Inter-American Commission of Women
- English-language version of the CIM logo (since 2020)
- OAS member states where the CIM operates
- Abbreviation: CIM
- Formation: 1928
- Founded at: Havana, Cuba
- Purpose: "Shape the public policy agenda from a rights-based perspective for the full citizenship of women and the elimination of gender-based discrimination and violence"
- Location: Washington, D.C.;
- Region served: OAS member states
- Fields: Women's rights
- Official language: Spanish, English, Portuguese, French
- Executive Secretary: Alejandra Mora Mora
- Board of directors: Executive Committee
- Main organ: Assembly of Delegates
- Parent organization: Organization of American States (OAS)
- Website: www.oas.org/en/cim/

= Inter-American Commission of Women =

International organization

The Inter-American Commission of Women (Comisión Interamericana de Mujeres, Comissão Interamericana de Mulheres, Commission interaméricaine des femmes), abbreviated CIM, is an organization that falls within the Organization of American States. It was established in 1928 by the Sixth Pan-American Conference and is composed of one female representative from each Republic in the Union. In 1938, the CIM was made a permanent organization, with the goal of studying and addressing women's issues in the Americas.

CIM was the first intergovernmental organization designed specifically to address the civil and political needs of women, and in many ways has led the movement for international women's rights. In 1933, CIM became the first international organization to present a resolution for international suffrage for women, which was not ratified, as well as the first to submit a treaty which was adopted concerning women's rights. This treaty, the 1933 Convention on the Nationality of Women, established that marriage did not affect nationality. The women of the CIM submitted a resolution and attained the first international acknowledgement of women's political and civil rights (1938). They also researched and prepared the first-ever treaty on violence against women which was approved as the 1994 Belém do Pará Convention. By attaining international agreements, the delegates of the CIM are able to pressure change in their home countries to comply with those resolutions.

Since 1955, CIM has regularly reported to the United Nations on the status of women in the Americas and works to implement U.N. Conventions in the Western Hemisphere.

== History ==
=== Founding ===
When it became known that one of the three topics to be discussed at the 1930 meeting of the League of Nations would be the subject of nationality and how that could be codified in international law, Doris Stevens, a well-known feminist from the United States determined that the first priority of feminists should be to study how law effected women's nationality. For example, at the time, upon marrying, a British woman would have lost her British citizenship had she married an Argentine, but as Argentina's law did not confer citizenship upon her for marriage, she became stateless. Stevens worked with Alice Paul of the National Woman's Party of the United States to review and prepare a report evaluating how women were effected by various laws. The women compiled a monumental report, which indexed all laws controlling women's nationality from every country in their native language and then translated each law on an accompanying page.

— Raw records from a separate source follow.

(* Let $A\subseteq B$ be convex subsets of a real topological vector space $X$ such that $\operatorname{icr} A=\operatorname{fri} A$ and $A\cap\operatorname{fri} B\neq\emptyset$. Then $\operatorname{fri} A\subseteq\operatorname{fri} B$.
   Context: For a convex set $C$, a convex subset $F\subseteq C$ is a face of $C$ if for every $x\in F$ and all $y,z\in C$ with $x\in(y,z)=\{(1-t)y+tz:t\in(0,1)\}$ we have $y,z\in F$; $F_{\min}(x,C)$ is the intersection of all faces of $C$ containing $x\in C$. The intrinsic core is $\operatorname{icr} C=\{x\in C:\forall y\in C\ \exists z\in C,\ x\in(y,z)\}$ and the face relative interior is $\operatorname{fri} C=\{x\in C: C\subseteq\overline{F_{\min}(x,C)}\}$. *)

From HB Require Import structures.
From mathcomp Require Import all_boot all_order all_algebra.
From mathcomp Require Import all_classical all_reals all_analysis.
Set Implicit Arguments. Unset Strict Implicit. Unset Printing Implicit Defensive.
Import Order.TTheory GRing.Theory Num.Theory.
Local Open Scope classical_set_scope.
Local Open Scope ring_scope.

Section faces.
Context {R : realType} {X : topologicalLmodType R}.

Definition cvx (C : set X) : Prop := @convex_set R X C.

Definition in_open_seg (x y z : X) : Prop :=
  exists t : R, 0 < t /\ t < 1 /\ x = (1 - t) *: y + t *: z.

Definition is_face (C F : set X) : Prop :=
  F `<=` C /\ cvx F /\
  forall x y z, F x -> C y -> C z -> in_open_seg x y z -> F y /\ F z.

Definition Fmin (x : X) (C : set X) : set X :=
  [set u | forall F, is_face C F -> F x -> F u].

Definition icr (C : set X) : set X :=
  [set x | C x /\ forall y, C y -> exists z, C z /\ in_open_seg x y z].

Definition fri (C : set X) : set X :=
  [set x | C x /\ C `<=` closure (Fmin x C)].

End faces.

From HB Require Import structures.
From mathcomp Require Import all_boot all_order all_algebra.
From mathcomp Require Import all_classical all_reals all_analysis.
Local Open Scope classical_set_scope.

(* Let x be in fri A = icr A and pick x0 in A that lies in fri B.
   Because x is in the intrinsic core of A, the segment from x0 through x can
   be extended inside A: x lies in an open segment (x0, z) with z in A, hence
   with both endpoints in B.  By the very definition of a face, every face of
   B containing x then contains x0, i.e. F_min(x0, B) is contained in
   F_min(x, B).  Taking closures, B is contained in the closure of
   F_min(x0, B) (as x0 is in fri B), hence in the closure of F_min(x, B), so
   x is in fri B. *)

Section minimal_faces.
Local Set Implicit Arguments.
Local Unset Strict Implicit.
Context {R : realType} {X : topologicalLmodType R}.
Implicit Types (A B C : set X) (x y z : X).

Lemma Fmin_open_seg C x y z :
  C y -> C z -> in_open_seg x y z -> Fmin y C `<=` Fmin x C.
Proof.
move=> Cy Cz xyz u Fmin_y_u F faceF Fx; apply: Fmin_y_u => //.
by case: faceF => _ [_ /(_ x y z Fx Cy Cz xyz)] [].
Qed.

Lemma fri_of_Fmin_sub C x y :
  C x -> fri C y -> Fmin y C `<=` Fmin x C -> fri C x.
Proof.
move=> Cx [_ C_cl_y] sub_yx; split=> //.
exact: subset_trans C_cl_y (closureS sub_yx).
Qed.

Lemma icr_Fmin_sub A B x y :
  A `<=` B -> icr A x -> A y -> Fmin y B `<=` Fmin x B.
Proof.
move=> AB [_ /(_ y)] core_xy Ay; have [z [Az xyz]] := core_xy Ay.
exact: Fmin_open_seg (AB _ Ay) (AB _ Az) xyz.
Qed.

End minimal_faces.

Theorem proposition4p5 (R : realType) (X : topologicalLmodType R) (A B : set X) :
  cvx A -> cvx B -> A `<=` B ->
  icr A = fri A -> A `&` fri B !=set0 ->
  fri A `<=` fri B.
Proof.
move=> _ _ AB icrE [x0 [Ax0 fri_B_x0]] x fri_A_x.
have icr_A_x : icr A x by rewrite icrE.
apply: (fri_of_Fmin_sub (AB _ fri_A_x.1) fri_B_x0).
exact: icr_Fmin_sub AB icr_A_x Ax0.
Qed.
(* Any discrete quasigroup, and in particular any discrete group, is approximable by finite quasigroups.
   Context: A quasigroup is a set $A$ with a binary operation $\circ$ such that for all $a,b\in A$ each of the equations $a\circ x=b$ and $x\circ a=b$ has a unique solution. $A$ carries the discrete topology. Approximability of a topological algebra $(A,\circ)$ by a class $\mathcal K$ of finite algebras: for a compact $C\subseteq A$, a finite cover $\mathcal U$ of $C$ by open sets, and a finite algebra $(H,\odot)$, a map $j:H\to A$ gives a $(C,\mathcal U)$-approximation if (i) every $U\in\mathcal U$ with $U\cap C\ne\emptyset$ contains a point of $j(H)$, and (ii) for all $x,y\in H$ with $j(x),j(y),j(x)\circ j(y)\in C$ there is $U\in\mathcal U$ containing both $j(x\odot y)$ and $j(x)\circ j(y)$; $A$ is approximable by $\mathcal K$ if for every compact $C$ and finite open cover $\mathcal U$ of $C$ there is a $(C,\mathcal U)$-approximation $(H,j)$ with $H\in\mathcal K$ and $j$ injective. *)

From HB Require Import structures.
From mathcomp Require Import all_boot all_order all_algebra.
From mathcomp Require Import all_classical all_reals all_analysis.
Set Implicit Arguments. Unset Strict Implicit. Unset Printing Implicit Defensive.
Local Open Scope classical_set_scope.

Definition is_quasigroup (A : Type) (op : A -> A -> A) : Prop :=
  forall a b : A, (exists! x, op a x = b) /\ (exists! x, op x a = b).

Definition finite_open_cover (T : topologicalType) (C : set T) (U : seq (set T)) : Prop :=
  (forall V, V \in U -> open V) /\ (C `<=` \bigcup_(V in [set V | V \in U]) V).

Definition approximation (T : topologicalType) (op : T -> T -> T)
  (C : set T) (U : seq (set T)) (H : finType) (hop : H -> H -> H) (j : H -> T) : Prop :=
  (forall V, V \in U -> V `&` C !=set0 -> exists h : H, V (j h)) /\
  (forall x y : H, C (j x) -> C (j y) -> C (op (j x) (j y)) ->
     exists2 V, V \in U & V (j (hop x y)) /\ V (op (j x) (j y))).
(* P_j = |j><j|  (j : 'I_3, i.e. |j+1> in the paper's labelling). *)
Definition proj (j : 'I_3) : 'M[C]_3 := delta_mx j j.

(* Non-selective measurement of the population of |j>. *)
Definition meas (j : 'I_3) (rho : 'M[C]_3) : 'M[C]_3 :=
  proj j *m rho *m proj j + (1 - proj j) *m rho *m (1 - proj j).

Definition idx1 : 'I_3 := @Ordinal 3 0 isT.
Definition idx2 : 'I_3 := @Ordinal 3 1 isT.

Definition fidelity_val (U1 U2 : 'M[C]_3) : C :=
  (U2 *m meas idx2 (U1 *m proj idx1 *m adj U1) *m adj U2) idx2 idx2.

End Defs.

(* Jz and Jy satisfy J^3 = J, so the exponential series of -itJ splits into
   the cosine and sine series: e^{-itJ} = 1 + (cos t - 1) J^2 - i sin t J.
   Hence Z(a,b,c) = D(a) d(b) D(c) with D(a) a diagonal matrix of unimodular
   phases and d(b) the Wigner matrix of J_y.  After the measurement of |2>,
   the population of |2> is |U1_21|^2 |U2_22|^2 + |U2_21 U1_11 + U2_23 U1_31|^2,
   which for U1 = Z(a,b,c), U2 = Z(a',b',c') and t = c' + a equals
     (sin^2 b cos^2 b' + sin^2 b' (cos^2 b cos^2 t + sin^2 t)) / 2.
   This is at most 1/2, with equality for b = pi/2, b' = 0. *)

From Pilot Require Import Defs.
From HB Require Import structures.
From mathcomp Require Import all_boot all_order all_algebra.
From mathcomp Require Import all_classical all_reals all_analysis.
From mathcomp Require Import complex.
From mathcomp Require Import ring lra.

Set Implicit Arguments.
Unset Strict Implicit.
Unset Printing Implicit Defensive.

Import Order.TTheory GRing.Theory Num.Theory numFieldNormedType.Exports.
Local Open Scope ring_scope.
Local Open Scope complex_scope.

Local Notation Re := complex.Re.
Local Notation Im := complex.Im.

Section ComplexParts.
Variable R : realType.
Implicit Types (x y : R) (z w : R[i]).

Lemma ReD z w : Re (z + w) = Re z + Re w. Proof. by case: z; case: w. Qed.
Lemma ImD z w : Im (z + w) = Im z + Im w. Proof. by case: z; case: w. Qed.
Lemma ReN z : Re (- z) = - Re z. Proof. by case: z. Qed.
Lemma ImN z : Im (- z) = - Im z. Proof. by case: z. Qed.
Lemma ReM z w : Re (z * w) = Re z * Re w - Im z * Im w.
Proof. by case: z; case: w. Qed.
Lemma ImM z w : Im (z * w) = Re z * Im w + Im z * Re w.
Proof. by case: z => a b; case: w => c d /=; ring. Qed.
Lemma ReJ z : Re z^* = Re z. Proof. by case: z. Qed.
Lemma ImJ z : Im z^* = - Im z. Proof. by case: z. Qed.
Lemma ReC x : Re x%:C = x. Proof. by []. Qed.
Lemma ImC x : Im x%:C = 0. Proof. by []. Qed.
Lemma Re_Complex x y : Re (x +i* y) = x. Proof. by []. Qed.
Lemma Im_Complex x y : Im (x +i* y) = y. Proof. by []. Qed.
Lemma Re1 : Re (1 : R[i]) = 1. Proof. by []. Qed.
Lemma Im1 : Im (1 : R[i]) = 0. Proof. by []. Qed.
Lemma Re0 : Re (0 : R[i]) = 0. Proof. by []. Qed.
Lemma Im0 : Im (0 : R[i]) = 0. Proof. by []. Qed.
Lemma Rei : Re ('i : R[i]) = 0. Proof. by []. Qed.
Lemma Imi : Im ('i : R[i]) = 1. Proof. by []. Qed.
Lemma Re_mulil z : Re ('i * z) = - Im z. Proof. by case: z => a b /=; ring. Qed.
Lemma Im_mulil z : Im ('i * z) = Re z. Proof. by case: z => a b /=; ring. Qed.

Lemma complex_eqP z w : Re z = Re w -> Im z = Im w -> z = w.
Proof. by case: z; case: w => /= ? ? ? ? -> ->. Qed.

End ComplexParts.

(* [Rei] and [Imi] must fire first: the later rules would expose the raw zero
   inside ['i], which [ring] does not recognize as 0. *)
Definition ReImE := (Rei, Imi, Re_mulil, Im_mulil, ReD, ImD, ReN, ImN, ReM, ImM,
  ReJ, ImJ, ReC, ImC, Re1, Im1, Re0, Im0, Re_Complex, Im_Complex).

Ltac complex_ring := apply: complex_eqP; rewrite !ReImE; ring.
Ltac complex_field := apply: complex_eqP; rewrite !ReImE; field.

Lemma real_complexD (R : realType) (x y : R) : (x + y)%:C = x%:C + y%:C :> R[i].
Proof. complex_ring. Qed.

Lemma real_complexM (R : realType) (x y : R) : (x * y)%:C = x%:C * y%:C :> R[i].
Proof. complex_ring. Qed.

Section Sqrt2.
Variable R : rcfType.

Lemma sqrt2_neq0 : Num.sqrt 2 != 0 :> R.
Proof. by rewrite gt_eqF // sqrtr_gt0. Qed.

Lemma sqr_div_sqrt2 (x : R) : (x / Num.sqrt 2) ^+ 2 = x ^+ 2 / 2.
Proof. by rewrite exprMn exprVn sqr_sqrtr. Qed.

End Sqrt2.

Definition idx3 : 'I_3 := @Ordinal 3 2 isT.

Lemma ord3P (i : 'I_3) : [\/ i = idx1, i = idx2 | i = idx3].
Proof.
by case: i => [[|[|[|//]]] ?]; [constructor 1 | constructor 2 | constructor 3];
  apply: val_inj.
Qed.

Lemma sum3 (V : nmodType) (F : 'I_3 -> V) : \sum_(k < 3) F k = F idx1 + F idx2 + F idx3.
Proof.
by rewrite !big_ord_recl big_ord0 addr0 addrA; congr (F _ + F _ + F _); apply: val_inj.
Qed.

Lemma mulmx3E (R : pzSemiRingType) m n (M1 : 'M[R]_(m, 3)) (M2 : 'M[R]_(3, n)) i j :
  (M1 *m M2) i j = M1 i idx1 * M2 idx1 j + M1 i idx2 * M2 idx2 j + M1 i idx3 * M2 idx3 j.
Proof. by rewrite mxE sum3. Qed.

Lemma mx_cube (R : pzRingType) n (J : 'M[R]_n.+1) : J ^+ 3 = J *m J *m J.
Proof. by rewrite !exprS expr0 mulr1 !mulmxE mulrA. Qed.

Lemma exprS_cube_idem (R : pzRingType) (x : R) k :
  x ^+ 3 = x -> x ^+ k.+1 = if odd k then x ^+ 2 else x.
Proof.
move=> x3; elim: k => [|k IHk]; first by rewrite expr1.
by rewrite exprSr IHk /=; case: (odd k); [rewrite -exprSr | rewrite expr2].
Qed.

Section Rodrigues.
Variable R : realType.
Local Notation C := R[i].
Local Open Scope classical_set_scope.
Implicit Types (t : R) (J : 'M[C]_3).

Lemma cvg_series_cos t : series (cos_coeff t) @ \oo --> cos t.
Proof. by rewrite cos.unlock; exact: is_cvg_series_cos_coeff. Qed.

Lemma cvg_series_sin t : series (sin_coeff t) @ \oo --> sin t.
Proof. by rewrite sin.unlock; exact: is_cvg_series_sin_coeff. Qed.

Lemma cvg_series_cos_sin t x y z :
  (fun n => x + (series (cos_coeff t) n - 1) * y + series (sin_coeff t) n * z)
    @ \oo --> x + (cos t - 1) * y + sin t * z.
Proof.
apply: cvgD; last by apply: cvgM; [exact: cvg_series_sin | exact: cvg_cst].
apply: cvgD; first exact: cvg_cst.
by apply: cvgM; [apply: cvgB; [exact: cvg_series_cos | exact: cvg_cst] | exact: cvg_cst].
Qed.

Lemma limn_eq_shiftS (f g : R ^nat) l :
  (forall n, f n.+1 = g n.+1) -> g @ \oo --> l -> limn f = l.
Proof.
move=> fg gl; apply: cvg_lim => //; rewrite -cvg_shiftS.
by rewrite (_ : [sequence f n.+1]_n = [sequence g n.+1]_n) ?cvg_shiftS //; apply/funext.
Qed.

Lemma series_recl (u : R ^nat) n : series u n.+1 = u 0%N + \sum_(k < n) u k.+1.
Proof. by rewrite /series /= big_nat_recl // big_mkord. Qed.

Lemma exp_coeffE t n : ((n`!)%:R : C)^-1 * (- ('i * t%:C)) ^+ n
  = (cos_coeff t n)%:C - 'i * (sin_coeff t n)%:C.
Proof.
have -> : ((n`!)%:R : C)^-1 = ((n`!)%:R^-1)%:C by rewrite fmorphV rmorph_nat.
rewrite -mulNr exprMn mulrCA -rmorphXn -rmorphM.
have signE k : (-1 : C) ^+ k = ((-1) ^+ k)%:C by rewrite rmorphXn rmorphN1.
have [m [-> | ->]] : exists m, n = m.*2 \/ n = m.*2.+1.
  exists n./2; have := odd_double_half n.
  by case: (odd n); rewrite /= ?add0n ?add1n => ->; [right | left].
- rewrite /cos_coeff /sin_coeff /= odd_double /= doubleK -exprnP.
  rewrite -mul2n exprM sqrrN sqr_i signE.
  complex_ring.
- rewrite /cos_coeff /sin_coeff /= odd_double /= doubleK.
  rewrite exprS -mul2n exprM sqrrN sqr_i signE.
  complex_ring.
Qed.

Lemma exp_term_cube_idem J t k : J ^+ 3 = J ->
  ((k.+1)`!%:R)^-1 *: ((- ('i * t%:C)) *: J) ^+ k.+1 =
  (cos_coeff t k.+1)%:C *: J ^+ 2 - ('i * (sin_coeff t k.+1)%:C) *: J.
Proof.
move=> J3; rewrite exprZn scalerA exp_coeffE scalerBl /cos_coeff /sin_coeff /=.
have := exprS_cube_idem k J3; case: (odd k) => /= ->;
  by rewrite !(mul0r, rmorph0, mulr0, scale0r, subr0, sub0r).
Qed.

Lemma expm_partial_cube_idem J t n : J ^+ 3 = J ->
  expm_partial ((- ('i * t%:C)) *: J) n.+1 =
  1 + (series (cos_coeff t) n.+1 - 1)%:C *: J ^+ 2
    - ('i * (series (sin_coeff t) n.+1)%:C) *: J.
Proof.
move=> J3; rewrite /expm_partial big_ord_recl /= expr0 invr1 scale1r.
under eq_bigr => k _ do rewrite exp_term_cube_idem //.
rewrite big_split /= sumrN -scaler_suml -scaler_suml -mulr_sumr -!rmorph_sum.
have cos_coeff0 : cos_coeff t 0 = 1 by rewrite /cos_coeff /= expr0z !mul1r invr1.
have sin_coeff0 : sin_coeff t 0 = 0 by rewrite /sin_coeff /= !mul0r.
by rewrite !series_recl cos_coeff0 sin_coeff0 add0r (addrAC (1 : R)) subrr add0r addrA.
Qed.

Lemma expm_cube_idem J t : J ^+ 3 = J ->
  expm ((- ('i * t%:C)) *: J) = 1 + (cos t - 1)%:C *: J ^+ 2 - ('i * (sin t)%:C) *: J.
Proof.
move=> J3; apply/matrixP => i j; rewrite mxE; apply: complex_eqP => /=.
- rewrite (limn_eq_shiftS _ (@cvg_series_cos_sin t (Re (1%:M i j))
    (Re ((J ^+ 2) i j)) (Im (J i j)))).
  + by rewrite !mxE !ReImE; ring.
  + by move=> n; rewrite expm_partial_cube_idem // !mxE !ReImE; ring.
- rewrite (limn_eq_shiftS _ (@cvg_series_cos_sin t (Im (1%:M i j))
    (Im ((J ^+ 2) i j)) (- Re (J i j)))).
  + by rewrite !mxE !ReImE; ring.
  + by move=> n; rewrite expm_partial_cube_idem // !mxE !ReImE; ring.
Qed.

End Rodrigues.

Section SpinRotations.
Variable R : realType.
Local Notation C := R[i].
Implicit Types (a b c : R).

Lemma Jz_cube : Jz R ^+ 3 = Jz R.
Proof.
rewrite mx_cube; apply/matrixP => i j.
by case: (ord3P i) => ->; case: (ord3P j) => ->; rewrite !(mulmx3E, mxE) /=; ring.
Qed.

Lemma Jy_cube : Jy R ^+ 3 = Jy R.
Proof.
rewrite /Jy; set M := \matrix_(i < 3, j < 3) _.
have M3 : M ^+ 3 = M *+ 2.
  rewrite mx_cube; apply/matrixP => i j.
  by case: (ord3P i) => ->; case: (ord3P j) => ->; rewrite !(mulmx3E, mxE) /=; complex_ring.
rewrite exprZn M3 -scalerMnr scalerMnl; congr (_ *: M).
rewrite -rmorphXn -(rmorphMn (real_complex R)); congr (_%:C).
by rewrite exprS exprVn sqr_sqrtr // -mulr_natr -mulrA mulVf ?pnatr_eq0 ?mulr1.
Qed.

(* [Jz_phase a j] is e^{-i a m} for the eigenvalue m = 1, 0, -1 of Jz on |j>. *)
Definition Jz_phase a (j : 'I_3) : C :=
  if j == idx1 then cos a -i* sin a else if j == idx2 then 1 else cos a +i* sin a.

Lemma expm_Jz a : expm ((- ('i * a%:C)) *: Jz R) = diag_mx (\row_j Jz_phase a j).
Proof.
rewrite expm_cube_idem ?Jz_cube // expr2 -mulmxE; apply/matrixP => i j.
by case: (ord3P i) => ->; case: (ord3P j) => ->; rewrite !(mulmx3E, mxE) /=; complex_ring.
Qed.

Definition wigner_d b : 'M[C]_3 := expm ((- ('i * b%:C)) *: Jy R).

Lemma Zrot_entry a b c j k :
  Zrot a b c j k = Jz_phase a j * wigner_d b j k * Jz_phase c k.
Proof. by rewrite /Zrot !expm_Jz mul_mx_diag mxE mul_diag_mx !mxE. Qed.

Ltac wigner_entry :=
  rewrite /wigner_d expm_cube_idem ?Jy_cube // {1}/Jy exprZn -rmorphXn exprVn sqr_sqrtr //;
  rewrite expr2 -mulmxE !(mulmx3E, mxE) /=;
  complex_field; exact: sqrt2_neq0.

Lemma wigner_d11 b : wigner_d b idx1 idx1 = ((1 + cos b) / 2)%:C.
Proof. wigner_entry. Qed.

Lemma wigner_d21 b : wigner_d b idx2 idx1 = (sin b / Num.sqrt 2)%:C.
Proof. wigner_entry. Qed.

Lemma wigner_d31 b : wigner_d b idx3 idx1 = ((1 - cos b) / 2)%:C.
Proof. wigner_entry. Qed.

Lemma wigner_d22 b : wigner_d b idx2 idx2 = (cos b)%:C.
Proof. wigner_entry. Qed.

Lemma wigner_d23 b : wigner_d b idx2 idx3 = (- sin b / Num.sqrt 2)%:C.
Proof. wigner_entry. Qed.

End SpinRotations.

Section Fidelity.
Variable R : realType.
Local Notation C := R[i].
Implicit Types (a b c : R) (U rho : 'M[C]_3).

Definition normsq (z : C) : R := Re z ^+ 2 + Im z ^+ 2.

Lemma mulcJ_normsq (z : C) : z * z^* = (normsq z)%:C.
Proof. by rewrite /normsq; complex_ring. Qed.

Lemma normsqM (z w : C) : normsq (z * w) = normsq z * normsq w.
Proof. by rewrite /normsq !ReImE; ring. Qed.

Lemma normsq_real (x : R) : normsq x%:C = x ^+ 2.
Proof. by rewrite /normsq ReC ImC expr0n addr0. Qed.

Lemma normsq_Complex (x y : R) : normsq (x +i* y) = x ^+ 2 + y ^+ 2.
Proof. by []. Qed.

Lemma normsq_Jz_phase a j : normsq (Jz_phase a j) = 1.
Proof.
rewrite /normsq /Jz_phase; case: (ord3P j) => -> /=;
  by rewrite ?sqrrN ?cos2Dsin2 // expr1n expr0n addr0.
Qed.

Lemma rank_one_entry U j k :
  (U *m Defs.proj R idx1 *m Defs.adj U) j k = U j idx1 * (U k idx1)^*.
Proof. by rewrite /Defs.proj /Defs.adj !(mulmx3E, mxE) /=; ring. Qed.

Lemma meas2_entry rho j k :
  meas idx2 rho j k = if (j == idx2) == (k == idx2) then rho j k else 0.
Proof.
by case: (ord3P j) => ->; case: (ord3P k) => ->;
  rewrite /meas /Defs.proj !(mulmx3E, mxE) /=; ring.
Qed.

Stevens spent three months in Europe meeting with women leaders and compiling information. She met with Dr. Luisa Baralt of Havana, Dr. Ellen Gleditsch of Oslo, Chrystal Macmillan and Sybil Thomas, Viscountess Rhondda of the UK, the Marquesa del Ter of Spain, Maria Vérone of France and Hélène Vacaresco of Romania, as well as various officers of the International Federation of University Women and others. She held public meetings to discuss the question of nationality in Geneva, London and Paris and attended a meeting at the Assembly of the League of Nations to obtain approval of a resolution for governments to attend a meeting discussing codification of laws and encouraged them to include women in their delegate selections. The resolution was submitted and passed unanimously. In anticipation of a cooperative meeting between women in Europe and the Americas a conference was held at the Pan American Union to present the topic of women's nationality.

As a result, the governing body of the Pan American Union created the Inter-American Commission of Women at their meeting in Havana on 4 April 1928. The provision called for a commission composed of seven women from the countries of the Americas and that those women should review data and prepare information to allow the Seventh Pan American Conference to consider women's civil and political equality in the region. It also called for expansion of the commission to eventually have one delegate for each country in the Pan American Union. Stevens, who had suggested the commission was appointed as chair and the other six countries were selected by lot. The chosen countries were Argentina, Colombia, El Salvador, Haiti, Panama, and Venezuela and the appointed delegates were Dr. Ernestina A. López de Nelson from Argentina, María Elena de Hinestrosa from Colombia, María Alvárez de Guillén Rivas from El Salvador, Alice Téligny Mathon from Haiti, Clara González from Panama and Lucila Luciani de Pérez Díaz from Venezuela.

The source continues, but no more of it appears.